Exercise brief:
Work out how many lines of the material below contain the word "subrr", then write that number alone.

Material shown:
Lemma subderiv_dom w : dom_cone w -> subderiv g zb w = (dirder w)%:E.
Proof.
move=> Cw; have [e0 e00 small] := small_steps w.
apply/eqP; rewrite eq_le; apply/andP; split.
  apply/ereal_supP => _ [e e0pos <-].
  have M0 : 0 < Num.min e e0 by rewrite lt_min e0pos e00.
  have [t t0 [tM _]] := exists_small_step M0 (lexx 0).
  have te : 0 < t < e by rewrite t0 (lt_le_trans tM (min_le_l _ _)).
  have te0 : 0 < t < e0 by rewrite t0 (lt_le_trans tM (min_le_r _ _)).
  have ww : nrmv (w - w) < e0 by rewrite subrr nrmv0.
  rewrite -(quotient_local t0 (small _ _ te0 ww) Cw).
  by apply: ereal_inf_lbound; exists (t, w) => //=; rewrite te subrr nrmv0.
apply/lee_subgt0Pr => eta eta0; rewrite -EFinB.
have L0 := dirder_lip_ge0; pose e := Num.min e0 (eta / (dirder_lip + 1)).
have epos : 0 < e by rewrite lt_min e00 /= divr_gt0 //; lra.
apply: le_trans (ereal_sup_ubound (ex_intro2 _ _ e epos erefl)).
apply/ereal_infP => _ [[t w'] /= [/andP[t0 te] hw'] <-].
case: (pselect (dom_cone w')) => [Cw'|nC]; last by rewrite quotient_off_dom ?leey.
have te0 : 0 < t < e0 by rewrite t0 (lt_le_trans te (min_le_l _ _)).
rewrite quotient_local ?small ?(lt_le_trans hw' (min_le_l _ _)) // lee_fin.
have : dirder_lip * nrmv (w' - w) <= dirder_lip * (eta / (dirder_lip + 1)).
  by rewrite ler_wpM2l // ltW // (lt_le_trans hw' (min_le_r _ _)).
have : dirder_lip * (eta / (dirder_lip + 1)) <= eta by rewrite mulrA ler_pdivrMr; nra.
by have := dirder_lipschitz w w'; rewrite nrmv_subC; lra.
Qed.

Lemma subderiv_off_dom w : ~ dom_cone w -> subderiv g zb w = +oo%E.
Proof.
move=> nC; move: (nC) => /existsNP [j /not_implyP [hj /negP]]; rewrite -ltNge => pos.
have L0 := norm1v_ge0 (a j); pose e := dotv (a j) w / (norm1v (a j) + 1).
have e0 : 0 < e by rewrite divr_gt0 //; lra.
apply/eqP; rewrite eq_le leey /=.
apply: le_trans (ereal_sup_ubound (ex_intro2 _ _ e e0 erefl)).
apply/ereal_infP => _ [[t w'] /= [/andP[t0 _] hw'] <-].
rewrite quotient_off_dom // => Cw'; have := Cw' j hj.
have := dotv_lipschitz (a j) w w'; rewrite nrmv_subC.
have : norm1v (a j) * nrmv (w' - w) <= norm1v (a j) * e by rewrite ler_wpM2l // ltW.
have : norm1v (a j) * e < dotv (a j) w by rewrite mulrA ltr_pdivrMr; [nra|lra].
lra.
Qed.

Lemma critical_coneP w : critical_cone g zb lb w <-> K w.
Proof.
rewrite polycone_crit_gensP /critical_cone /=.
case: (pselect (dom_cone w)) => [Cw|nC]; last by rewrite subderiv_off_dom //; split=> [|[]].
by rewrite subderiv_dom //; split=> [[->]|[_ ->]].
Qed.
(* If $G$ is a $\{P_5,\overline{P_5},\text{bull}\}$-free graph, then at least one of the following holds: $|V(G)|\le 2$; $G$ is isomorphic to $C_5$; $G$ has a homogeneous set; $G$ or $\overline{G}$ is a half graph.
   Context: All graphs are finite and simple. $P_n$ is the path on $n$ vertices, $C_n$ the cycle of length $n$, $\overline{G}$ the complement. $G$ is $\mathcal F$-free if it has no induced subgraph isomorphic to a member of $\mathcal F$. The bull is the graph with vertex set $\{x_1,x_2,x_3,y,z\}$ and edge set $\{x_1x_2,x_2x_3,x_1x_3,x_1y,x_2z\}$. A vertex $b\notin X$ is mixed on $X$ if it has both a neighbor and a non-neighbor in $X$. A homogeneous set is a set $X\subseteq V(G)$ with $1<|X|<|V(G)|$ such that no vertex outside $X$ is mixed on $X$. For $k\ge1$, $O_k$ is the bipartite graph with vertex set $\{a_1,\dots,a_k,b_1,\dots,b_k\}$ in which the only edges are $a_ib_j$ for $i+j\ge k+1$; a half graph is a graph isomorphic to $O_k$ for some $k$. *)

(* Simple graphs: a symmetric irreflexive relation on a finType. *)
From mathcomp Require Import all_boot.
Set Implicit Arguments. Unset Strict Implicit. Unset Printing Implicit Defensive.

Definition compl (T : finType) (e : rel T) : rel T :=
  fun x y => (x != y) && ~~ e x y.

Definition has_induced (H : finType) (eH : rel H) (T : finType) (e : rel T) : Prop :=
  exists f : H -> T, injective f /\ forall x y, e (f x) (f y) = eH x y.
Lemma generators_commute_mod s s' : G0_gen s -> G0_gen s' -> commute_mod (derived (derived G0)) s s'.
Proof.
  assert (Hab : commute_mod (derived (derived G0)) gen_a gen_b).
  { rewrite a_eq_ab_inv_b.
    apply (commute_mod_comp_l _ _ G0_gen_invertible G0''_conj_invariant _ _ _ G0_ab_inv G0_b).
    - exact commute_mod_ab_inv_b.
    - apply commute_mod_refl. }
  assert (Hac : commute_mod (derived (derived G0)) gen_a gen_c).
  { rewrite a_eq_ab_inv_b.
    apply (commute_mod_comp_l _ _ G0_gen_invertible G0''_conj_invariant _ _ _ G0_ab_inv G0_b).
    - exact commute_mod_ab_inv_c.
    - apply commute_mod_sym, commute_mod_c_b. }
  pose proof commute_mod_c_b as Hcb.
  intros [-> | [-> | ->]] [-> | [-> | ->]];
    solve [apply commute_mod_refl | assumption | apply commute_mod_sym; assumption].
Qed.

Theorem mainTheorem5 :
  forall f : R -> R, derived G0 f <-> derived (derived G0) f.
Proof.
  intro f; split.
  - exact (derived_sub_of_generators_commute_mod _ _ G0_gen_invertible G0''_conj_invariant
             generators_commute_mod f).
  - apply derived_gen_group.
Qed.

...

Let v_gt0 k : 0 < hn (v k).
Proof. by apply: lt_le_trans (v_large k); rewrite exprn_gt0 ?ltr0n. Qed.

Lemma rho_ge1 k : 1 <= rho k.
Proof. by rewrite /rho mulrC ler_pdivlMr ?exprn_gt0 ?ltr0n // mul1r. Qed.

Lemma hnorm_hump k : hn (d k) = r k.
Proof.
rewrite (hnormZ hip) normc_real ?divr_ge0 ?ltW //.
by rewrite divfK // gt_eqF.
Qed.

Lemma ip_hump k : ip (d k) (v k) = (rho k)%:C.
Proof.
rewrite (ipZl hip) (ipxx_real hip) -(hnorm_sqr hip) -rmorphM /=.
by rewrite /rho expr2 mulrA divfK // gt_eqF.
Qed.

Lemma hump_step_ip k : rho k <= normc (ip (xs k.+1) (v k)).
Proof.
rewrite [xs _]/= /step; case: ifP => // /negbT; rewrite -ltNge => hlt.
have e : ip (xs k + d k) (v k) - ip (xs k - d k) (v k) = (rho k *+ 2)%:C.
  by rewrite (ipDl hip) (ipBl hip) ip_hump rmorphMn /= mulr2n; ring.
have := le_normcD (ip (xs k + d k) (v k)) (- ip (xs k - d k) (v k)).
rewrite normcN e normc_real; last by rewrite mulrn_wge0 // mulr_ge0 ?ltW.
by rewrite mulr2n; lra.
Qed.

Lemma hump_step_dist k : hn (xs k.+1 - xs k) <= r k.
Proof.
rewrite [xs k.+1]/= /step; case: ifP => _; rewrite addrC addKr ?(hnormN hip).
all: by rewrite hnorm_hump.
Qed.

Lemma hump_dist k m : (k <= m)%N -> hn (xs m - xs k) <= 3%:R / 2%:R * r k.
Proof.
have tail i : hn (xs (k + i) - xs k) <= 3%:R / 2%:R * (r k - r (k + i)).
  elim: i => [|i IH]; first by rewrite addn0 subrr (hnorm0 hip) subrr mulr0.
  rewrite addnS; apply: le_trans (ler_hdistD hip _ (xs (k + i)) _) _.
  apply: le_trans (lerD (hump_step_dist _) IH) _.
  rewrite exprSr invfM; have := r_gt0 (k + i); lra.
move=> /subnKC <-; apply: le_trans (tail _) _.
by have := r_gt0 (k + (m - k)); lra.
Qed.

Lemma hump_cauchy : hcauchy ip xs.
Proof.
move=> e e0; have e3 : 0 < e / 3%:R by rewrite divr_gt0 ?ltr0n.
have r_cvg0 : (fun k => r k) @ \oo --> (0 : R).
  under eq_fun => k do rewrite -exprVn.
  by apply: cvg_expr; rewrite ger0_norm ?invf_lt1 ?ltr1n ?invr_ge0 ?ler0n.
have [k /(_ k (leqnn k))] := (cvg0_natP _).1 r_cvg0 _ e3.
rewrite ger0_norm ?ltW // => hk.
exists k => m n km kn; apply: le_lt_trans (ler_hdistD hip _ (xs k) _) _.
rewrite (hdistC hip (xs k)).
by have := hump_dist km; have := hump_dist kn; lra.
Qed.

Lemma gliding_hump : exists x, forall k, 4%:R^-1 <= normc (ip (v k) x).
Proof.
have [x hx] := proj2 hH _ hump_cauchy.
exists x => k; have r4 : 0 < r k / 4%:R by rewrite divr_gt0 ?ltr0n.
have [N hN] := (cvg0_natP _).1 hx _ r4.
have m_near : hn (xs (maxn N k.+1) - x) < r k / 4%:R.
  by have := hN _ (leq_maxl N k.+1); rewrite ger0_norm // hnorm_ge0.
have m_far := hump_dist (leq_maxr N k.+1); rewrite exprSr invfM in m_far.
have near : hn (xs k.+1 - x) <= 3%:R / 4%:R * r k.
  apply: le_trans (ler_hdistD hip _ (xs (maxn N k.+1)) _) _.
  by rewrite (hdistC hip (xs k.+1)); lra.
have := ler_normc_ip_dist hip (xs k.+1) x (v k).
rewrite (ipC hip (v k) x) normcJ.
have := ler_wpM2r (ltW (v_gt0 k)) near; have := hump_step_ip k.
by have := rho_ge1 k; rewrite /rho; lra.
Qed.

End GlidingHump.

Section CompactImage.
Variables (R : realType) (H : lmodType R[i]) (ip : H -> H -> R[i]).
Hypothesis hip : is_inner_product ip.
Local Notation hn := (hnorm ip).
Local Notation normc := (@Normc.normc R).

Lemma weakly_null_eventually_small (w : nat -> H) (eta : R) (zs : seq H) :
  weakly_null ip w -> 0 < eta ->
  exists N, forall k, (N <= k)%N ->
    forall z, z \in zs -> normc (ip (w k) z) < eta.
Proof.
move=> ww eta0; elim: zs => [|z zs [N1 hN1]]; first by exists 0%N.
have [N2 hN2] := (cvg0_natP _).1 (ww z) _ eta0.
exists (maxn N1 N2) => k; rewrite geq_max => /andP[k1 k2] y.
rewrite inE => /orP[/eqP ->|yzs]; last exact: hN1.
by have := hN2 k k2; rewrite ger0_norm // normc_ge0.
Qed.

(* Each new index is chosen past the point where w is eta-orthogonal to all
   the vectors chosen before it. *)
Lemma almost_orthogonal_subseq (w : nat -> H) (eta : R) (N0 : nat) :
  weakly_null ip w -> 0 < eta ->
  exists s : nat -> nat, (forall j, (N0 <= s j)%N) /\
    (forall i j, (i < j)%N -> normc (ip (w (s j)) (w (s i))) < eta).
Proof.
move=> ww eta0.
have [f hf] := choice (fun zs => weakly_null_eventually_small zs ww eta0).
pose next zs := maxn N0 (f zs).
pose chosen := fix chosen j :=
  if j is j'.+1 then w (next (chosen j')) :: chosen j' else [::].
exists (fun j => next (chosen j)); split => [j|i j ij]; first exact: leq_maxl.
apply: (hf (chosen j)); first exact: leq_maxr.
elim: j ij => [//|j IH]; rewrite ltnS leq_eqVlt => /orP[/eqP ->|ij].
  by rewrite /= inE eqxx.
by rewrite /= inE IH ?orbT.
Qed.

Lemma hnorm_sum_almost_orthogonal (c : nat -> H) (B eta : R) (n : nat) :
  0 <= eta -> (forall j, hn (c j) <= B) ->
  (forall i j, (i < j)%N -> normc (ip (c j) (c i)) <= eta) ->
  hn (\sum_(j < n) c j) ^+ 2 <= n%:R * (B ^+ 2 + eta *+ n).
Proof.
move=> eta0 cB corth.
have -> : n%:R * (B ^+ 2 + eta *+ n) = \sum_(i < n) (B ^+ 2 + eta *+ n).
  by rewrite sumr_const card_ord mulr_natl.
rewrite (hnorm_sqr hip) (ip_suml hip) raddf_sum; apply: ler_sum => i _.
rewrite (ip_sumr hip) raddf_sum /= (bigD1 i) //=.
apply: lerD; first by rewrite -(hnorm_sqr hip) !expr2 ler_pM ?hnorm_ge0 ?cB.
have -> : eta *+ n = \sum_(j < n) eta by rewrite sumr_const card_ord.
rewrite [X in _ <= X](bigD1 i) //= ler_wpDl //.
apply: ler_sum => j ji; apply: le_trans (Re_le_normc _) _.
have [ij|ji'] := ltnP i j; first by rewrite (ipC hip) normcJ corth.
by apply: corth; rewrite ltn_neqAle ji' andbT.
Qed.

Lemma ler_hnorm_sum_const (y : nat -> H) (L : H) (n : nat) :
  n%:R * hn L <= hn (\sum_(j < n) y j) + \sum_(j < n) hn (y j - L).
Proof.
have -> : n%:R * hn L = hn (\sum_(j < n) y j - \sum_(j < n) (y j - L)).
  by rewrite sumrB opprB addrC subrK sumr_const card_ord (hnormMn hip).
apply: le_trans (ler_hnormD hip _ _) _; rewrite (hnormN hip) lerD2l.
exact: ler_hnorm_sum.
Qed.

Output for this task:
3